Recently, we tried the deep learning model, and the AUC of the offline model was higher than the baseline, and the CTR performance of the online model was also due to the baseline. However, based on the online practice logs, the AUC of the deep learning model was significantly lower than the baseline. However, the previous model iteration AUC can correspond to the on-line CTR.

This problem is strange. In general, because there is bias in online samples, when the new model is used to test baseline flow and experimental flow at the same time, the AUC of experimental flow will be slightly higher than that of baseline flow.

It can be understood that the increment of the new model brings some new good samples, but if we directly evaluate the baseline data, because the recommended or ranked data is dynamically feedback, there will be no good samples in this part, and the AUC will be low. But in our experiment, the opposite is true.

Analyze gauC metrics

The first reaction is that the AUC index is distorted, because the sorting is personalized, the sorting results between different users are not comparable, different users of the negative sample score may be higher than the positive sample, leading to global AUC index distortion.

For example: Suppose there are two users A and B, each user has 10 goods, 5 of the 10 goods are positive samples, we use A+, A-, B+, B- to represent the positive and negative samples of the two users respectively. In other words, 10 out of 20 items are positive samples. It is assumed that the results predicted by the model are in order of A+, A-, B+ and B-. If the results of the two users are mixed together, the AUC is not very high, because there are 5 positive samples ranked behind, but if you look at it separately, the positive samples of each user are ranked ahead of the negative samples, and the AUC should be 1. Obviously, it is easier to show the model separately, thus eliminating differences among the users themselves.

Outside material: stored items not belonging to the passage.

(* The generating series $f(q;x)=\sum_\gamma q^{\omega_H(\gamma)+\omega_{DU}(\gamma)}x^{n(\gamma)}$, where $\gamma$ ranges over all Schröder paths and $n(\gamma)$ is the semi-length, is $$f(q;x)=\frac{1-x-\sqrt{1-2(1+2q)x+(1-2q)^2x^2}}{2qx\,(1+(1-q)x)}.$$
   Context: Steps: $U=(1,1)$, $D=(1,-1)$, $H=(2,0)$. A Schröder path of semi-length $n$ is a lattice path from $(0,0)$ to $(2n,0)$ with steps $U,D,H$ never going below the $x$-axis. Paths are identified with words of steps; $\omega_H(\gamma)$ is the number of $H$ steps and $\omega_{DU}(\gamma)$ the number of occurrences of the factor $DU$ in $\gamma$. *)

From HB Require Import structures.
From mathcomp Require Import all_boot all_order all_algebra.
Set Implicit Arguments. Unset Strict Implicit. Unset Printing Implicit Defensive.
Import Order.TTheory GRing.Theory Num.Theory.

(* Steps U=(1,1), D=(1,-1), H=(2,0). *)
Inductive step := U | D | H.

Fixpoint words (m : nat) : seq (seq step) :=
  if m is m'.+1 then
    flatten [seq [seq s :: w | w <- words m'] | s <- [:: U; D; H]]
  else [:: [::]].

Definition words_upto (m : nat) : seq (seq step) :=
  flatten [seq words k | k <- iota 0 m.+1].

Fixpoint schroder_from (h : nat) (w : seq step) : bool :=
  match w with
  | [::] => h == 0
  | U :: w' => schroder_from h.+1 w'
  | D :: w' => (0 < h) && schroder_from h.-1 w'
  | H :: w' => schroder_from h w'
  end.

Definition is_schroder (w : seq step) : bool := schroder_from 0 w.

(* Horizontal extent of the path (endpoint abscissa). *)
Definition xlen (w : seq step) : nat :=
  (\sum_(s <- w) (match s with H => 2 | _ => 1 end))%N.

Definition omegaH (w : seq step) : nat :=
  count (fun s => if s is H then true else false) w.

Fixpoint omegaDU (w : seq step) : nat :=
  match w with
  | D :: ((U :: _) as w') => (omegaDU w').+1
  | _ :: w' => omegaDU w'
  | [::] => 0
  end.

Local Open Scope ring_scope.

Definition fps (R : Type) := nat -> R.

Definition fps_mul (R : nzRingType) (a b : fps R) : fps R :=
  fun n => \sum_(i < n.+1) a i * b (n - i)%N.

Definition fps_of_poly (R : nzRingType) (p : {poly R}) : fps R := fun n => p`_n.

Definition is_fsqrt (R : nzRingType) (s d : fps R) : Prop :=
  s 0%N = 1 /\ forall n, fps_mul s s n = d n.

Definition q : {poly rat} := 'X.

(* f(q;x) = sum over Schroder paths gamma of q^(omegaH + omegaDU) x^(semilength);
   coefficient of x^n: sum over Schroder paths of semi-length n (x-extent 2n,
   hence at most 2n steps). *)
Definition schroder_gf : fps {poly rat} := fun n =>
  \sum_(w <- words_upto n.*2 | is_schroder w && (xlen w == n.*2)%N)
     q ^+ (omegaH w + omegaDU w).

(* Polynomials in x over Q[q]; x is the variable of {poly {poly rat}}. *)
Definition Qx : {poly {poly rat}} := q%:P.

Definition Delta : {poly {poly rat}} :=
  1 - 2%:R * (1 + 2%:R * Qx) * 'X + (1 - 2%:R * Qx) ^+ 2 * 'X ^+ 2.

Definition denom : {poly {poly rat}} :=
  2%:R * Qx * 'X * (1 + (1 - Qx) * 'X).

Definition numer_poly : {poly {poly rat}} := 1 - 'X.

From HB Require Import structures.
From mathcomp Require Import all_boot all_order all_algebra.
From mathcomp Require Import zify ring.
Import GRing.Theory.
Set Implicit Arguments. Unset Strict Implicit. Unset Printing Implicit Defensive.
Local Open Scope ring_scope.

Considering the difference between each sample of the user, the weight of the sample is generally added to the AUC coefficient, so that the calculation is more reasonable. The premise of the above situation is that the ranking prediction results of the two users interfere with each other, that is, the more concentrated the scores are, the greater the difference between the positive and negative samples among different users is, leading to the seemingly reduced online ranking effect, but the AUC calculation of each user is not disturbed, and the online indicators do not decrease.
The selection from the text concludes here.